- YOUR INSTRUCTIONS -
When you reach the line containing "Lemma Eperm_sum (I" in the entries below, start writing out each line exactly, and stop after the line containing "End UniformPermutations.".
Start of SUPPLIED DATA
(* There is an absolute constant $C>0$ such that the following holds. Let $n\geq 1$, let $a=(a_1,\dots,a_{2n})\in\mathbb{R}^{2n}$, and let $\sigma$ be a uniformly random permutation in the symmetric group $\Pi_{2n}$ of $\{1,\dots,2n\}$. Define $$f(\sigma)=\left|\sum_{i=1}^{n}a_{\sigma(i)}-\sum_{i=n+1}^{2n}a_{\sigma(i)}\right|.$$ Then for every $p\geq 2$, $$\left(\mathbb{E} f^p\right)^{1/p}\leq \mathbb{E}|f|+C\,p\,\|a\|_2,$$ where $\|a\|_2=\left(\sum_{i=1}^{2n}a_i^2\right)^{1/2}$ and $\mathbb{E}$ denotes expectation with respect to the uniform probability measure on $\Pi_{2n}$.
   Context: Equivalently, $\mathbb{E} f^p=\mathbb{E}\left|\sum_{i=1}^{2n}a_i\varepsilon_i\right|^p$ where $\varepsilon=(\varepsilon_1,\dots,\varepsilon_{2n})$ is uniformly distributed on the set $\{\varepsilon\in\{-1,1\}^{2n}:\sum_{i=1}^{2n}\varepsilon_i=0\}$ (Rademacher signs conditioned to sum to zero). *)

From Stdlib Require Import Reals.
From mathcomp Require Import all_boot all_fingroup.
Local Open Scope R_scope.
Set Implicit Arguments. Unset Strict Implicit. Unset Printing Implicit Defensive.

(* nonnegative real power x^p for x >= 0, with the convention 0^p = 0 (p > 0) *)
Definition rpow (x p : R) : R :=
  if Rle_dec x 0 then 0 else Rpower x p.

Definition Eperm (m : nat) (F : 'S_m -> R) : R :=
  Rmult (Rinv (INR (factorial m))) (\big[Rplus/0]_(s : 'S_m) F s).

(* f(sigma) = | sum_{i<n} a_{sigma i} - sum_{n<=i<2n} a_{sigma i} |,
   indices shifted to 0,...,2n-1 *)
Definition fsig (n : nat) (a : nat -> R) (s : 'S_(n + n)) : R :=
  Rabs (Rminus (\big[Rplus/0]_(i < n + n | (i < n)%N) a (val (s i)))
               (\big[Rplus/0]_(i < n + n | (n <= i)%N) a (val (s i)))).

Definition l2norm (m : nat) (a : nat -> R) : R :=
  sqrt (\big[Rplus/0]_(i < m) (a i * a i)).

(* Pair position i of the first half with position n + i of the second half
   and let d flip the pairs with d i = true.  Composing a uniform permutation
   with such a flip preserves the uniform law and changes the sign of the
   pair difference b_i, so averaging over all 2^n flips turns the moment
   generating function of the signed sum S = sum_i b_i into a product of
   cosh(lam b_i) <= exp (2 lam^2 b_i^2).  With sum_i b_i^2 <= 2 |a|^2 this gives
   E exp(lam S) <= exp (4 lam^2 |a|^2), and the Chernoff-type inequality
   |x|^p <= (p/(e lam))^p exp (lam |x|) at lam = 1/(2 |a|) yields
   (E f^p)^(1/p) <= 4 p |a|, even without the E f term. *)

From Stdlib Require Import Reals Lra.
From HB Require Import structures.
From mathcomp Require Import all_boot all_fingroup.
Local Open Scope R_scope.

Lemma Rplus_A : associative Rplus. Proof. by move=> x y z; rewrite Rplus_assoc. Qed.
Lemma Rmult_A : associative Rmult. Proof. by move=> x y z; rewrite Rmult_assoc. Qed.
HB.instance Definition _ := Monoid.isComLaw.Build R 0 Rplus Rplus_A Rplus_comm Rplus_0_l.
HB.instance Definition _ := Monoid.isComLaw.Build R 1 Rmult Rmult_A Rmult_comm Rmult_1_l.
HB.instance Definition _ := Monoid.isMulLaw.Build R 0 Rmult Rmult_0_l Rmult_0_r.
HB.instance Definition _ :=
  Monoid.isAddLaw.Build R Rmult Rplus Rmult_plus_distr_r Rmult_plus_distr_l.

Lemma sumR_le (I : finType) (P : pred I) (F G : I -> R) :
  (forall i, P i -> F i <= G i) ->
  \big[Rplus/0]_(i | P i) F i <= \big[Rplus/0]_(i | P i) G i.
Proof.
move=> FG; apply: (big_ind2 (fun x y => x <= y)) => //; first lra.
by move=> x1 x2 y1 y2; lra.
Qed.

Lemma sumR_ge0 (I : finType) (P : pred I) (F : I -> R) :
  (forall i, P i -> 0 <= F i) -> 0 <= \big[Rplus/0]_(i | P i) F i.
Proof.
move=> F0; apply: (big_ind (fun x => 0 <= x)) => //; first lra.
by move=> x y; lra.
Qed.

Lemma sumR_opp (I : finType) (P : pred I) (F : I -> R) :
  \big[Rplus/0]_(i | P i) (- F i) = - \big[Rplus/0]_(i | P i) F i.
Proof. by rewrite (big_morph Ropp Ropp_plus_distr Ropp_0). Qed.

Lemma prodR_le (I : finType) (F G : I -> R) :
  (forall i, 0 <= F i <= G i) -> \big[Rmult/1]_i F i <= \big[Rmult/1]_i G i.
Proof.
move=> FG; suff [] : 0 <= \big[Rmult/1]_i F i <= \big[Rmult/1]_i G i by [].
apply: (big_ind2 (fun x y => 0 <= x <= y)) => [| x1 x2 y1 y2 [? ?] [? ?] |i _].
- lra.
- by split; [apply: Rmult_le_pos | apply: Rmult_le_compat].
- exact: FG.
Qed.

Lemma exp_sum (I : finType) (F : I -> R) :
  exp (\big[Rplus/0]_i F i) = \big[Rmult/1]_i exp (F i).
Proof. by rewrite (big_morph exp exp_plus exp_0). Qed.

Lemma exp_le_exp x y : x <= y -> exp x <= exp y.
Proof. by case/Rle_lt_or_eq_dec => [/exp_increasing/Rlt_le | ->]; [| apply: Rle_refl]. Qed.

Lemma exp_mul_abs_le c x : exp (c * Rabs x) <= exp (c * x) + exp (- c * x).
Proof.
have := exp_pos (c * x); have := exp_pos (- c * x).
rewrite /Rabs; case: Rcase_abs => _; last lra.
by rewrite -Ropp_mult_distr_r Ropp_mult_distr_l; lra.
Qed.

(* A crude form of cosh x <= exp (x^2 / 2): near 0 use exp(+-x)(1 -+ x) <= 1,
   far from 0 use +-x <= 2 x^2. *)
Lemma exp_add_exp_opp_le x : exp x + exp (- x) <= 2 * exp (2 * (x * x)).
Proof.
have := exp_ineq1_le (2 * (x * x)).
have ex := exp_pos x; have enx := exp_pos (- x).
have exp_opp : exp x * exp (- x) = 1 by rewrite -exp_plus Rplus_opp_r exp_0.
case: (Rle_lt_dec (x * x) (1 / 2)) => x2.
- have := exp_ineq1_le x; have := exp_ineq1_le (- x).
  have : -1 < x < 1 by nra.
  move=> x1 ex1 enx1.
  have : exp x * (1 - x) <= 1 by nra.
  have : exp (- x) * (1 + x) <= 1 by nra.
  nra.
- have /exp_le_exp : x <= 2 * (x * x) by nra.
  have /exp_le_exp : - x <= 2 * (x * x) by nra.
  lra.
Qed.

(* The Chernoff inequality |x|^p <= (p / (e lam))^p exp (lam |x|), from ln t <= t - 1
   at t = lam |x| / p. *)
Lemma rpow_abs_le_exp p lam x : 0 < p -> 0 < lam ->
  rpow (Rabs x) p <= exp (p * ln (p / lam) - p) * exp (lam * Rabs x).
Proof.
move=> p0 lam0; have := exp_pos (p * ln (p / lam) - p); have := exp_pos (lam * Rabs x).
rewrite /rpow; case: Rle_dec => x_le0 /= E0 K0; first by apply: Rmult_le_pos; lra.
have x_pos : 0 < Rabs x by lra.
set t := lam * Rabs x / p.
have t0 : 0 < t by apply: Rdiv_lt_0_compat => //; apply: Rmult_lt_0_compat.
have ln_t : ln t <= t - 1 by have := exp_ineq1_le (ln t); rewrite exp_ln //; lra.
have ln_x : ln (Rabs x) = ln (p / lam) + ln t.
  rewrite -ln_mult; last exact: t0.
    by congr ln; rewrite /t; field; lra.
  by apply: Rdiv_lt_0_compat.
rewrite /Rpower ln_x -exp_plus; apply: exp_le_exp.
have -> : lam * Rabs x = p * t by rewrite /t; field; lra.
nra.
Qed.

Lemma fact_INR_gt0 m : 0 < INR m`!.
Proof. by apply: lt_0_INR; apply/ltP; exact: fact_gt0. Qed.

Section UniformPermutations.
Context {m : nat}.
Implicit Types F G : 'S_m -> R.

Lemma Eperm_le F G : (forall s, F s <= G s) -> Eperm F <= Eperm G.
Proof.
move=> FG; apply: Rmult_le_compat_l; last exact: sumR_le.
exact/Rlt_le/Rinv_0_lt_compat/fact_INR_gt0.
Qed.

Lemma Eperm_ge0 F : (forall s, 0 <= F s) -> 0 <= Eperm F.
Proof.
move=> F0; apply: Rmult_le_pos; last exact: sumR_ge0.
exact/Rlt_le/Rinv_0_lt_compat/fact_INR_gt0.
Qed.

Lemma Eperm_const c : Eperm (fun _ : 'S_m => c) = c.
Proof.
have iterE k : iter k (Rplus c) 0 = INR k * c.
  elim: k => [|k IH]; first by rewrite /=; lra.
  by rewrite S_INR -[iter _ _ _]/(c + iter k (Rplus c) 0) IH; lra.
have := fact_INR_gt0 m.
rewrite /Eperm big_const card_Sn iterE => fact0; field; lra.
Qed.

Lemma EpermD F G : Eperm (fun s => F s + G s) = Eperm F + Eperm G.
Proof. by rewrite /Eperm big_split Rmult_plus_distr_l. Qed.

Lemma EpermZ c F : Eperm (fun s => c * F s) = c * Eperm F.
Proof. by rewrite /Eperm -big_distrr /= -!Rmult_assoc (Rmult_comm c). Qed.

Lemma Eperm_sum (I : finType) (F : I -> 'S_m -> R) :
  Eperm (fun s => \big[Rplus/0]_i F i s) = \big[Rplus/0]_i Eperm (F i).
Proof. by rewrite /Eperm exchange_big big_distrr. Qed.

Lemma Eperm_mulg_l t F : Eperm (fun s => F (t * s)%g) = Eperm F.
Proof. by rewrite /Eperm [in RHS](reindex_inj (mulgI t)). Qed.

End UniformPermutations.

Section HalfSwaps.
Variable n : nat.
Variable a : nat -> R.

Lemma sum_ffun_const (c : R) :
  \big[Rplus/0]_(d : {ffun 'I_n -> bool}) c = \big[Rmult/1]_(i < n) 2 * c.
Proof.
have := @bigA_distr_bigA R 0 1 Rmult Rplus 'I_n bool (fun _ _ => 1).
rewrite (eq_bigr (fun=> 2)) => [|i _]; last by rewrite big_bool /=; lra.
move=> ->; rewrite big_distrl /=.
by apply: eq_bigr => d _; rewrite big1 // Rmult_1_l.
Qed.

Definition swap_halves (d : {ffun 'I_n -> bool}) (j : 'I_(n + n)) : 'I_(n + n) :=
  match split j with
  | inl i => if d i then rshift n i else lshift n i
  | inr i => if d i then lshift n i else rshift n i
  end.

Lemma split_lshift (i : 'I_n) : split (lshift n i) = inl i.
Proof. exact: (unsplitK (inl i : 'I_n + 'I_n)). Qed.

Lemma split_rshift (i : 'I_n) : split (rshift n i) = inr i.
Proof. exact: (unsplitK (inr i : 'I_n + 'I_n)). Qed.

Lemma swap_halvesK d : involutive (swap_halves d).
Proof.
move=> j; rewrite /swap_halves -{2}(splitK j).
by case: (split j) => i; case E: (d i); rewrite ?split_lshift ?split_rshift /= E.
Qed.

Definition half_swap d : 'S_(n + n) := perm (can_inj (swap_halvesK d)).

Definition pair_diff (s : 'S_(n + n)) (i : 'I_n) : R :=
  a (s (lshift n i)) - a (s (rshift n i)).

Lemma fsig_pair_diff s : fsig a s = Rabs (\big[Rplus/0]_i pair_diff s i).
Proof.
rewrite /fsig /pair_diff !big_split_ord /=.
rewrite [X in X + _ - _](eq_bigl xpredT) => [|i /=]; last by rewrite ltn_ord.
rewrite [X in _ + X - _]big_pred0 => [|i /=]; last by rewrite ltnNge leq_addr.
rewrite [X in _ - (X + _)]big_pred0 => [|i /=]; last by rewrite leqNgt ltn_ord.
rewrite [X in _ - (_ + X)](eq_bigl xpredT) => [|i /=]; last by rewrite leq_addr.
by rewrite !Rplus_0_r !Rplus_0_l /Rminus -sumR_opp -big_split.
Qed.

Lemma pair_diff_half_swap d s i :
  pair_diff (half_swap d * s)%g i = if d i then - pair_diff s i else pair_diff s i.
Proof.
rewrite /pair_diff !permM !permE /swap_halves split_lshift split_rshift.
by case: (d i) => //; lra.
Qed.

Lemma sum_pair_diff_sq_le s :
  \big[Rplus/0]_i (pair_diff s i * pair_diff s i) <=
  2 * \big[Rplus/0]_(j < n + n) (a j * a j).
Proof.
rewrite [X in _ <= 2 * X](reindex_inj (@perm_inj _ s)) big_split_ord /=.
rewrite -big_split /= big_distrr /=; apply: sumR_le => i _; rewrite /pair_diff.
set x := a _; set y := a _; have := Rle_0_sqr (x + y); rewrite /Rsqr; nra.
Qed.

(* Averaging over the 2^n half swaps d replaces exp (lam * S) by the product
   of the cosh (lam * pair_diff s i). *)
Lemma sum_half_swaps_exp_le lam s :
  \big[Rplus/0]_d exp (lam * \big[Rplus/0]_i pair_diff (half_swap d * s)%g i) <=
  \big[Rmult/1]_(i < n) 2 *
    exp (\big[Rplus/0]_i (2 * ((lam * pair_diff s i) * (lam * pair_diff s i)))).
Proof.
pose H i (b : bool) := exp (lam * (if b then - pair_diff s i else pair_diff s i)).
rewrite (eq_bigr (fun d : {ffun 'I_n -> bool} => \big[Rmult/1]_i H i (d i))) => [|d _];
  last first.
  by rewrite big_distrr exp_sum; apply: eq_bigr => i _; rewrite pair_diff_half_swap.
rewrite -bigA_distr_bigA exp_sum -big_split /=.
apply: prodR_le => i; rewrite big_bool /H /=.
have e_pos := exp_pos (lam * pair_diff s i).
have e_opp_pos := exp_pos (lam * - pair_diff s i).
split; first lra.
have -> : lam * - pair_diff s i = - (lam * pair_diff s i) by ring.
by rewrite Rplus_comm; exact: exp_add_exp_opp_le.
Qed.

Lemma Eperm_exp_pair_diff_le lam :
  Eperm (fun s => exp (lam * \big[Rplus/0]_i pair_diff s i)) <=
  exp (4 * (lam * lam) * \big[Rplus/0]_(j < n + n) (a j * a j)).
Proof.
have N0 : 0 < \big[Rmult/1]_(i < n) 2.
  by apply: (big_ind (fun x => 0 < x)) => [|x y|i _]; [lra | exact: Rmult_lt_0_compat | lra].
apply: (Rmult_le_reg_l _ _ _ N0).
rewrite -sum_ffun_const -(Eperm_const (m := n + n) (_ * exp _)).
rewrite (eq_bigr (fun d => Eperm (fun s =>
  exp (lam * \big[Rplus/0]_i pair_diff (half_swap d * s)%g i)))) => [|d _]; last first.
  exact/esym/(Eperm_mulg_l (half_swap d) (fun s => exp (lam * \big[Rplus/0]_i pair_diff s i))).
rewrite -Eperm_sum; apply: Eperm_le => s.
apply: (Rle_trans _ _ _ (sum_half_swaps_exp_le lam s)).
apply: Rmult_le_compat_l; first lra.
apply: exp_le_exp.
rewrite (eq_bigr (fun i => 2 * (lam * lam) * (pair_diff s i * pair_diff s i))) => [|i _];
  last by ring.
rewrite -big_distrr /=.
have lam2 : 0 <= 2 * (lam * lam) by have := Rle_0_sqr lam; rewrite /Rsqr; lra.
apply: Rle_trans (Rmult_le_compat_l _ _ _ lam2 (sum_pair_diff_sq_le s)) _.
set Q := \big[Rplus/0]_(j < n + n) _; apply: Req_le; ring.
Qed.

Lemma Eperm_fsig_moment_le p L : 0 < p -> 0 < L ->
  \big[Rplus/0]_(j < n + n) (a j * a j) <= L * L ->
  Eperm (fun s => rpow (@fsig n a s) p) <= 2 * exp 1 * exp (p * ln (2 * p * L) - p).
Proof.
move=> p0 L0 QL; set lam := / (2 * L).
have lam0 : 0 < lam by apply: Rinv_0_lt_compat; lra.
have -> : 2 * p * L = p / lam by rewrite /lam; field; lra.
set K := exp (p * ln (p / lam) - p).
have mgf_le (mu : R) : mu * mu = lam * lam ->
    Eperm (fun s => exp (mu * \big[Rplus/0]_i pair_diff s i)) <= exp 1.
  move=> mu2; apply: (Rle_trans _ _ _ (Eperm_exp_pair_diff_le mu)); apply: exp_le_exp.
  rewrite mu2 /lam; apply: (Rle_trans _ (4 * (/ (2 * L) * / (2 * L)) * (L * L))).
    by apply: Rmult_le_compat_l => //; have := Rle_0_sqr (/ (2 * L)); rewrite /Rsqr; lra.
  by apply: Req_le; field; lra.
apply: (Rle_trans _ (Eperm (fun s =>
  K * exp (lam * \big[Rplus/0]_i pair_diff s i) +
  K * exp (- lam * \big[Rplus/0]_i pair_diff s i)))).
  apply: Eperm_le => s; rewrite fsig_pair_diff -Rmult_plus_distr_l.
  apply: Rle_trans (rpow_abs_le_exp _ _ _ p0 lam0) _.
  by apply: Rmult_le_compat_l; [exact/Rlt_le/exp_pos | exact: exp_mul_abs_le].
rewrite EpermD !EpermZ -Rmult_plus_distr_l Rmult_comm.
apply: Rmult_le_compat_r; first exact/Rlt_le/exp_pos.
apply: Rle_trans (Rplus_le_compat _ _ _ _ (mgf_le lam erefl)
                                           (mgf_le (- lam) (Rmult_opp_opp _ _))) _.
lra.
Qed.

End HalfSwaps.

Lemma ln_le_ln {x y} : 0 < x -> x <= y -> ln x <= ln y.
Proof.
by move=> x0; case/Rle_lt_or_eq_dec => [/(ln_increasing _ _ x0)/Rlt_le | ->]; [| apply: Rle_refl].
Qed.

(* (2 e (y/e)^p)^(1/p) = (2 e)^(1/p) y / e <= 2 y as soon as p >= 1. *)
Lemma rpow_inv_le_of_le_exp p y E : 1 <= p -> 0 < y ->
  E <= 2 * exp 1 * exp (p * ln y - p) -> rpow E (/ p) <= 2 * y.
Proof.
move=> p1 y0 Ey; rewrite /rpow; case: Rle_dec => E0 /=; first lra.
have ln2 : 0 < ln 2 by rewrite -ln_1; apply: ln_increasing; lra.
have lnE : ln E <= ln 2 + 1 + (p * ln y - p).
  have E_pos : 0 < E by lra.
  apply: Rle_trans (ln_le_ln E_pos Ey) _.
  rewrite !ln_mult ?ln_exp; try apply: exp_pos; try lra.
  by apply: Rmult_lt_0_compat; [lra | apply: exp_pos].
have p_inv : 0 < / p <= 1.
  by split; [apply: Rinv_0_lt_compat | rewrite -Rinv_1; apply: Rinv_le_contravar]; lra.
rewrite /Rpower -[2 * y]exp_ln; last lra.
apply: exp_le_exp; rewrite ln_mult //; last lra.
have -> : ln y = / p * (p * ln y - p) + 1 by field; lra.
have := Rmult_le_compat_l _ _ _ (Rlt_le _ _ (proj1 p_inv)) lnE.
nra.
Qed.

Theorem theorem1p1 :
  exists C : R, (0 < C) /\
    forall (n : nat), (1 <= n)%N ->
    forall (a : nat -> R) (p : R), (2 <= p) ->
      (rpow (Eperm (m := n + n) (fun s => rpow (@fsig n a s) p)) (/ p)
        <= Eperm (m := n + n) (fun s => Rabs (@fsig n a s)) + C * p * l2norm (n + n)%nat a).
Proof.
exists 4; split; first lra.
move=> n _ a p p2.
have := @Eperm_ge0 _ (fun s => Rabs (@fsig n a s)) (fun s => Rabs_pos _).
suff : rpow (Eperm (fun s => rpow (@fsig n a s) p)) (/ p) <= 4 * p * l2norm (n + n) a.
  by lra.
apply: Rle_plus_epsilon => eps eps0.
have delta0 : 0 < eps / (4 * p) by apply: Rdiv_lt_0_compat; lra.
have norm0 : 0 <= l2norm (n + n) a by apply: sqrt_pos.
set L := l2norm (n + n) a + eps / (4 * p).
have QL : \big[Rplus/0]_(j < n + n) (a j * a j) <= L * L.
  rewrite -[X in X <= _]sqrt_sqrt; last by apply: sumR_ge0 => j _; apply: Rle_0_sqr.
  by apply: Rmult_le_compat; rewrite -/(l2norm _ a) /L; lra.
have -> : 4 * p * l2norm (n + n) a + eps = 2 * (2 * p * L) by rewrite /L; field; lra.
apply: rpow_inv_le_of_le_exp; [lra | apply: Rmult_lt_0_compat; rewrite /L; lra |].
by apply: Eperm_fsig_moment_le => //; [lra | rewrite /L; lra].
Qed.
End of SUPPLIED DATA
- ANSWER SPACE -
Lemma Eperm_sum (I : finType) (F : I -> 'S_m -> R) :
  Eperm (fun s => \big[Rplus/0]_i F i s) = \big[Rplus/0]_i Eperm (F i).
Proof. by rewrite /Eperm exchange_big big_distrr. Qed.

Lemma Eperm_mulg_l t F : Eperm (fun s => F (t * s)%g) = Eperm F.
Proof. by rewrite /Eperm [in RHS](reindex_inj (mulgI t)). Qed.

End UniformPermutations.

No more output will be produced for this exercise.